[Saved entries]
=-=-=-=-=

Lemma RInt_antiperiodic_twice (g h : R -> R) d l :
  (forall x, continuous g x) -> (forall x, continuous h x) -> (forall x, h (x + d) = - h x) ->
  @eq R (2 * RInt (fun x => g x * h x) 0 l)
    (RInt (fun y => (g y - g (y + d)) * h y) 0 (l - d)
     + RInt (fun x => g x * h x) (l - d) l - RInt (fun y => g (y + d) * h y) (- d) 0).
Proof.
  intros Cg Ch Hh.
  set (phi := fun x => g x * h x). set (psi := fun y => g (y + d) * h y).
  assert (Cphi : forall x, continuous phi x) by (intro x; apply (continuous_mult g); auto).
  assert (Cpsi : forall x, continuous psi x).
  { intro x. apply (continuous_mult (fun y => g (y + d))); [|auto].
    apply (continuous_comp (fun y => y + d) g); [|auto].
    apply ex_derive_continuous_R. auto_derive. auto. }
  assert (Hsub : @eq R (RInt phi 0 l) (- RInt psi (- d) (l - d))).
  { pose proof (RInt_comp_lin (V:=R_CompleteNormedModule) phi 1 d (- d) (l - d)) as Hc.
    replace (1 * - d + d) with 0 in Hc by ring. replace (1 * (l - d) + d) with l in Hc by ring.
    rewrite <- Hc by (apply ex_RInt_continuous_R; auto).
    replace (- RInt psi (- d) (l - d)) with ((-1) * RInt psi (- d) (l - d)) by ring.
    rewrite <- (RInt_scal_R psi) by (apply ex_RInt_continuous_R; auto). apply RInt_ext_R.
    intros x _. unfold phi, psi. change (scal 1 ?z) with (1 * z).
    replace (1 * x + d) with (x + d) by ring. rewrite Hh. ring. }
  assert (Hdiff : @eq R (RInt phi 0 (l - d) - RInt psi 0 (l - d))
                        (RInt (fun y => (g y - g (y + d)) * h y) 0 (l - d))).
  { rewrite (RInt_ext_R (fun y => (g y - g (y + d)) * h y) (fun y => phi y + (-1) * psi y))
      by (intros; unfold phi, psi; ring).
    rewrite RInt_plus_R, RInt_scal_R; [ring|..]; apply ex_RInt_continuous_R; auto.
    intro x. apply (continuous_scal_r (-1) psi). auto. }
  pose proof (RInt_Chasles_R phi 0 (l - d) l Cphi).
  pose proof (RInt_Chasles_R psi (- d) 0 (l - d) Cpsi).
  lra.
Qed.

Lemma abs_RInt_mul_cos_le (u : R -> R) U M a b : a <= b -> (forall x, continuous u x) ->
  (forall x, a <= x <= b -> Rabs (u x) <= U) ->
  Rabs (RInt (fun x => u x * cos (M * x)) a b) <= (b - a) * U.
Proof.
  intros Hab Cu Hu. apply abs_RInt_le_const; [exact Hab | |].
  - apply ex_RInt_continuous_R. intro x. apply (continuous_mult u); [apply Cu|].
    apply ex_derive_continuous_R. auto_derive. auto.
  - intros t Ht. rewrite Rabs_mult.
    assert (Rabs (cos (M * t)) <= 1) by apply Rabs_le, COS_bound.
    pose proof (Hu t Ht). pose proof (Rabs_pos (u t)). pose proof (Rabs_pos (cos (M * t))). nra.
Qed.
Lemma le_kleene_param g g' n : nneg_expect g -> le_expect g g' ->
  le_expect (kleene (Psi g) n) (kleene (Psi g') n).
Proof.
move=> g0 gg'; elim: n => [|n IH] s //=.
by apply: Psi_mono => //; exact: expect_chain_nneg n (kleene_param_chain g0).
Qed.

Lemma kleene_param_esup F n : expect_chain F ->
  kleene (Psi (esup F)) n = esup (fun m => kleene (Psi (F m)) n).
Proof.
move=> Fc; elim: n => [|n IH]; first by rewrite esup_cst.
rewrite /= -/(kleene _ n) IH Psi_cont //.
move=> s; split=> m.
  exact: expect_chain_nneg n (kleene_param_chain (expect_chain_nneg m Fc)) s.
exact: le_kleene_param (expect_chain_nneg m Fc) (expect_chain_le m Fc) s.
Qed.

Lemma lfp_param_continuous : chain_continuous (fun g => lfp (Psi g)).
Proof.
move=> F Fc; rewrite /= lfp_kleene_param; last exact: esup_nneg.
have -> : kleene (Psi (esup F)) = fun n => esup (fun m => kleene (Psi (F m)) n).
  by apply/funext => n; exact: kleene_param_esup.
have -> : (fun g => lfp (Psi g)) \o F = fun m => esup (kleene (Psi (F m))).
  by apply/funext => m; rewrite /= lfp_kleene_param //; exact: expect_chain_nneg.
apply/funext => s; exact: supn_swap.
Qed.

End lfp_continuity.

End expectation_transformers.

Section et_continuity.
Variables (R : realType) (Var : finType).
Local Open Scope ereal_scope.
Local Notation expect := (expect R Var).

Lemma iversonE b : iverson R b = (b%:R)%:E.
Proof. by case: b. Qed.

Lemma iverson_ge0 b : 0 <= iverson R b.
Proof. by rewrite iversonE lee_fin ler0n. Qed.

Section loop_body.
Variables (b1 b2 : store Var -> bool) (T : expect -> expect).
Hypotheses (T_nneg : preserves_nneg T) (T_mono : monotone_nneg T)
  (T_cont : chain_continuous T).

Definition loop_body (g h : expect) : expect :=
  fun s => iverson R (b1 s) * T h s + iverson R (b2 s) * g s.

Lemma loop_body_nneg g h : nneg_expect g -> nneg_expect h -> nneg_expect (loop_body g h).
Proof.
by move=> g0 h0 s; rewrite adde_ge0 // mule_ge0 ?iverson_ge0 //; exact: T_nneg.
Qed.

Lemma loop_body_mono g g' h h' : nneg_expect g -> nneg_expect h ->
  le_expect g g' -> le_expect h h' -> le_expect (loop_body g h) (loop_body g' h').
Proof.
move=> g0 h0 gg' hh' s.
by rewrite leeD // lee_wpmul2l ?iverson_ge0 //; exact: T_mono.
Qed.

Lemma loop_body_cont F F' : expect_chain F -> expect_chain F' ->
  loop_body (esup F) (esup F') = esup (fun n => loop_body (F n) (F' n)).
Proof.
move=> Fc F'c; apply/funext => s; rewrite /loop_body T_cont // /esup /= !iversonE.
by rewrite supn_lin ?ler0n //; exact: expect_chain_map.
Qed.

Lemma lfp_loop_body_continuous : chain_continuous (fun g => lfp (loop_body g)).
Proof. exact: lfp_param_continuous loop_body_nneg loop_body_mono loop_body_cont. Qed.

End loop_body.
Lemma vmxE j : vmx C q j = mxcol_seq j.+1 (fun l => if l == 0%N then 1%:M else 0).
Proof. by []. Qed.

Lemma Rmx_vmx j (a : C) :
  Rmx q j a *m vmx C q j = mxcol_seq j.+1 (fun l => a ^+ l *: 1%:M).
Proof.
have E : (1%:M - a *: Tmx C q j) *m mxcol_seq j.+1 (fun l => a ^+ l *: 1%:M) =
         vmx C q j.
  rewrite mul_1_subZ_Tmx vmxE; apply: eq_mxcol_seq => -[|l] _ /=.
    by rewrite expr0 scaler0 subr0 scale1r.
  by rewrite scalerA -exprS subrr.
by rewrite /Rmx -E mulKmx // unitmx_1_subZ_Tmx.
Qed.

End ShiftMatrix.

(* Matrix polynomials are coefficient sequences [c : nat -> 'M_(r, q)] vanishing
   from [N] on.  For a moment sequence [f], [mom f c i] is the [i]-th moment of
   [c] and [hform f c d] is the sesquilinear form [sum_(l,i) c_l f_(l+i) d_i^*]
   whose Gram matrices are the block Hankel matrices of [f]. *)
Section Moments.
Variables (C : numClosedFieldType) (q N : nat).

Definition mom r (f : nat -> 'M[C]_q) (c : nat -> 'M[C]_(r, q)) i : 'M[C]_(r, q) :=
  \sum_(l < N) c l *m f (l + i)%N.

Definition hform r r' f (c : nat -> 'M[C]_(r, q)) (d : nat -> 'M[C]_(r', q)) :
  'M[C]_(r, r') := \sum_(i < N) mom f c i *m ctmx (d i).

Definition peval r (a : C) (c : nat -> 'M[C]_(r, q)) : 'M[C]_(r, q) :=
  \sum_(l < N) a ^+ l *: c l.

Definition deg_lt r (c : nat -> 'M[C]_(r, q)) m := forall l, (m <= l)%N -> c l = 0.

Definition hform_definite f m :=
  forall r (c : nat -> 'M[C]_(r, q)), deg_lt c m -> hform f c c = 0 -> forall l, c l = 0.

Lemma deg_ltS r (c : nat -> 'M[C]_(r, q)) m : deg_lt c m -> deg_lt c m.+1.
Proof. by move=> dc l ml; apply/dc/ltnW. Qed.

Lemma sum_ord_single (V : zmodType) (F : nat -> V) j : (j < N)%N ->
  (forall i, i != j -> F i = 0) -> \sum_(i < N) F i = F j.
Proof.
move=> jN F0; rewrite (bigD1 (Ordinal jN)) //= big1 ?addr0 // => i ne.
by apply: F0; apply: contra ne => /eqP e; apply/eqP/val_inj.
Qed.

Lemma sum_ord_trunc (V : zmodType) (F : nat -> V) m : (m <= N)%N ->
  (forall i, (m <= i)%N -> F i = 0) -> \sum_(i < N) F i = \sum_(i < m) F i.
Proof.
move=> mN F0; rewrite -(subnKC mN) big_split_ord /= [X in _ + X]big1 ?addr0 //.
by move=> i _; apply: F0; apply: leq_addr.
Qed.

Lemma eq_mom r f (c c' : nat -> 'M[C]_(r, q)) i :
  (forall l, c l = c' l) -> mom f c i = mom f c' i.
Proof. by move=> cc'; apply: eq_bigr => l _; rewrite cc'. Qed.

Lemma mom0 r f i : mom f (fun _ => 0 : 'M[C]_(r, q)) i = 0.
Proof. by rewrite /mom big1 // => l _; rewrite mul0mx. Qed.

Lemma mom_mull r r' f (A : 'M[C]_(r', r)) (c : nat -> 'M[C]_(r, q)) i :
  mom f (fun l => A *m c l) i = A *m mom f c i.
Proof. by rewrite /mom mulmx_sumr; apply: eq_bigr => l _; rewrite mulmxA. Qed.

Lemma momD r f (c d : nat -> 'M[C]_(r, q)) i :
  mom f (fun l => c l + d l) i = mom f c i + mom f d i.
Proof. by rewrite /mom -big_split; apply: eq_bigr => l _; rewrite mulmxDl. Qed.

Lemma momN r f (c : nat -> 'M[C]_(r, q)) i : mom f (fun l => - c l) i = - mom f c i.
Proof. by rewrite /mom -sumrN; apply: eq_bigr => l _; rewrite mulNmx. Qed.

Lemma momB r f (c d : nat -> 'M[C]_(r, q)) i :
  mom f (fun l => c l - d l) i = mom f c i - mom f d i.
Proof. by rewrite momD momN. Qed.

Lemma hform_mull r r' r'' f (A : 'M[C]_(r'', r)) c (d : nat -> 'M[C]_(r', q)) :
  hform f (fun l => A *m c l) d = A *m hform f c d.
Proof. by rewrite /hform mulmx_sumr; apply: eq_bigr => i _; rewrite mom_mull mulmxA. Qed.

Lemma hformD r r' f (c c' : nat -> 'M[C]_(r, q)) (d : nat -> 'M[C]_(r', q)) :
  hform f (fun l => c l + c' l) d = hform f c d + hform f c' d.
Proof. by rewrite /hform -big_split; apply: eq_bigr => i _; rewrite momD mulmxDl. Qed.

Lemma hformN r r' f (c : nat -> 'M[C]_(r, q)) (d : nat -> 'M[C]_(r', q)) :
  hform f (fun l => - c l) d = - hform f c d.
Proof. by rewrite /hform -sumrN; apply: eq_bigr => i _; rewrite momN mulNmx. Qed.

Lemma hformB r r' f (c c' : nat -> 'M[C]_(r, q)) (d : nat -> 'M[C]_(r', q)) :
  hform f (fun l => c l - c' l) d = hform f c d - hform f c' d.
Proof. by rewrite hformD hformN. Qed.

Lemma hform_momE r r' f (c : nat -> 'M[C]_(r, q)) (d : nat -> 'M[C]_(r', q)) g j :
  deg_lt d j.+1 -> (forall i, (i <= j)%N -> mom f c i = g i) ->
  hform f c d = \sum_(i < N) g i *m ctmx (d i).
Proof.
move=> dd cg; apply: eq_bigr => i _.
by case: (leqP i j) => ij; [rewrite cg | rewrite dd // ctmx0 !mulmx0].
Qed.

Lemma hform_monic r f (c : nat -> 'M[C]_(r, q)) (d : nat -> 'M[C]_q) j :
  (j < N)%N -> deg_lt d j.+1 -> d j = 1%:M ->
  (forall i, (i < j)%N -> mom f c i = 0) -> hform f c d = mom f c j.
Proof.
move=> jN dd dj c0.
rewrite /hform (@sum_ord_single _ (fun i => mom f c i *m ctmx (d i)) j) //.
  by rewrite dj ctmx1 mulmx1.
move=> i ne; case: (ltngtP i j) => [ij|ji|e]; last by rewrite e eqxx in ne.
  by rewrite c0 // mul0mx.
by rewrite dd // ctmx0 mulmx0.
Qed.

Lemma hform_orth r r' f (c : nat -> 'M[C]_(r, q)) (d : nat -> 'M[C]_(r', q)) j :
  deg_lt d j -> (forall i, (i < j)%N -> mom f c i = 0) -> hform f c d = 0.
Proof.
move=> dd c0; rewrite /hform big1 // => i _.
by case: (ltnP i j) => ij; [rewrite c0 // mul0mx | rewrite dd // ctmx0 mulmx0].
Qed.

Lemma ctmx_hform r r' f (c : nat -> 'M[C]_(r, q)) (d : nat -> 'M[C]_(r', q)) m :
  (forall i, (i <= 2 * m)%N -> ctmx (f i) = f i) -> deg_lt c m.+1 -> deg_lt d m.+1 ->
  ctmx (hform f c d) = hform f d c.
Proof.
move=> fH dc dd; rewrite /hform /mom ctmx_sum.
under eq_bigr do rewrite ctmxM ctmxK ctmx_sum mulmx_sumr.
rewrite exchange_big /=; apply: eq_bigr => l _; rewrite mulmx_suml.
apply: eq_bigr => i _; rewrite ctmxM mulmxA.
case: (leqP l m) => lm; last by rewrite dc // ctmx0 !mulmx0.
case: (leqP i m) => im; last by rewrite dd // !mul0mx.
by rewrite addnC fH //; lia.
Qed.

Lemma ctmx_peval r (a : C) (c : nat -> 'M[C]_(r, q)) :
  a^* = a -> ctmx (peval a c) = \sum_(l < N) a ^+ l *: ctmx (c l).
Proof.
move=> aR; rewrite /peval ctmx_sum; apply: eq_bigr => l _.
by rewrite ctmxZ rmorphXn /= aR.
Qed.

Lemma peval0 r (a : C) : peval a (fun _ => 0 : 'M[C]_(r, q)) = 0.
Proof. by rewrite /peval big1 // => l _; rewrite scaler0. Qed.

Lemma hform_geometric r (a : C) f j (c : nat -> 'M[C]_(r, q)) (p : nat -> 'M[C]_q) B :
  a^* = a -> deg_lt p j.+1 -> (forall i, (i <= j)%N -> mom f c i = a ^+ i *: B) ->
  hform f c p = B *m ctmx (peval a p).
Proof.
move=> aR dp cB; rewrite (hform_momE dp cB) ctmx_peval // mulmx_sumr.
by apply: eq_bigr => i _; rewrite -scalemxAl scalemxAr.
Qed.

Lemma mom_shift r (a : C) k h (c : nat -> 'M[C]_(r, q)) i :
  (forall i, h i = k i.+1 - a *: k i) -> mom h c i = mom k c i.+1 - a *: mom k c i.
Proof.
move=> hk; rewrite /mom scaler_sumr -sumrB; apply: eq_bigr => l _.
by rewrite hk addnS mulmxBr scalemxAr.
Qed.

Lemma mom_geometric (a : C) k h j (c : nat -> 'M[C]_q) :
  (forall i, h i = k i.+1 - a *: k i) -> (forall i, (i < j)%N -> mom h c i = 0) ->
  forall i, (i <= j)%N -> mom k c i = a ^+ i *: mom k c 0.
Proof.
move=> hk c0; elim => [|i IH] ij; first by rewrite expr0 scale1r.
have /eqP := mom_shift c i hk; rewrite c0 // eq_sym subr_eq0 => /eqP ->.
by rewrite IH 1?ltnW // scalerA exprS.
Qed.

Lemma definite_mom_eq0 f m j r (c : nat -> 'M[C]_(r, q)) :
  hform_definite f m -> (j < m)%N -> deg_lt c j.+1 ->
  (forall i, (i <= j)%N -> mom f c i = 0) -> forall l, c l = 0.
Proof.
move=> fD jm dc c0; apply: fD; last by apply: (hform_orth (j := j.+1)).
by move=> l ml; apply: dc; apply: leq_trans ml.
Qed.

Lemma row_kernel0_unitmx n (A : 'M[C]_n) : (forall v : 'rV_n, v *m A = 0 -> v = 0) ->
  A \in unitmx.
Proof.
move=> A_inj; rewrite -row_free_unit -kermx_eq0; apply/eqP/row_matrixP => i.
by rewrite row0; apply: A_inj; rewrite -row_mul mulmx_ker row0.
Qed.
Lemma sJx_ge_e t : r t <= s t -> e%:Z <= s t.
Proof.
move=> le_rs; rewrite leNgt; apply/negP => lt_se.
have := n_generic t; have := ab_weight t; rewrite /rr in le_rs * => n_bnd r_bnd.
have p_gt2 : (2 < p)%N by lia.
have d_bnd : 2 - p%:Z <= defect t <= -2 by rewrite /defect /rr; lia.
have d_prev := defect_prev p_gt2 d_bnd.
have [prev_notJ x_prev r_prev] := defect_le_notin d_prev.
have ne_prev : tau_prev t != t by apply: contraTneq d_prev => ->; lia.
have r_prev_bnd : p%:Z - 1 <= r (tau_prev t) <= p%:Z.
  by have := ab_weight (tau_prev t); rewrite /rr in r_prev *; lia.
have s_bnd : 0 < s t < e%:Z by lia.
have [J' [x' [SJ'x' not_le]]] :=
  carry_not_maximal p_gt1 f_gt0 SJx erefl ne_prev prev_notJ x_prev r_prev_bnd s_bnd.
exact: not_le (maxJx SJ'x').
Qed.

End MaximalElement.

Theorem proposition5p10 (p f e : nat) (hp : prime p) (hf : (0 < f)%N) (he : (0 < e)%N)
    (k1 k2 n a b : 'I_f -> int)
    (* chi|_{I_K} = (chi1 chi2^{-1})|_{I_K} = prod_tau omega_tau^{n_tau} *)
    (hchi : charI_eq p (fun tau => k1 tau - k2 tau) n)
    (hn : forall tau, 1 <= n tau <= p%:Z)
    (hnp : exists tau, n tau < p%:Z)
    (* weakly generic *)
    (hgen : forall tau, e%:Z <= n tau <= p%:Z - e%:Z)
    (* Serre weight sigma_{a,b} *)
    (hab : forall tau, 0 <= a tau - b tau <= p%:Z - 1)
    (J : {set 'I_f}) (x : 'I_f -> nat)
    (hS : inS p e a b k1 k2 J x)
    (hmax : forall (J' : {set 'I_f}) (x' : 'I_f -> nat),
        inS p e a b k1 k2 J' x' -> preceqS p a b J' x' J x) :
  forall tau : 'I_f,
    inI e a b J x tau (tt e a b J x tau) = (tt e a b J x tau < rr a b tau).
Proof.
(* [hn], [hnp] and [he] are unused: weak genericity bounds [n], and [hS] forces [e > 0]. *)
move=> tau; have ge_e := sJx_ge_e (prime_gt1 hp) hf hchi hgen hab hS hmax (t := tau).
have /inSE [lt_xe _ _] := hS; have := lt_xe tau.
rewrite /inI /tt; move: ge_e; rewrite /sJx /rr.
by case: (tau \in J) => /= ge_e lt_x; rewrite ?eqxx /=; lia.
Qed.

=-=-=-=-=

Out of the records above, pull each line containing the word "unfold".

## Output of the exercise
    intros x _. unfold phi, psi. change (scal 1 ?z) with (1 * z).
      by (intros; unfold phi, psi; ring).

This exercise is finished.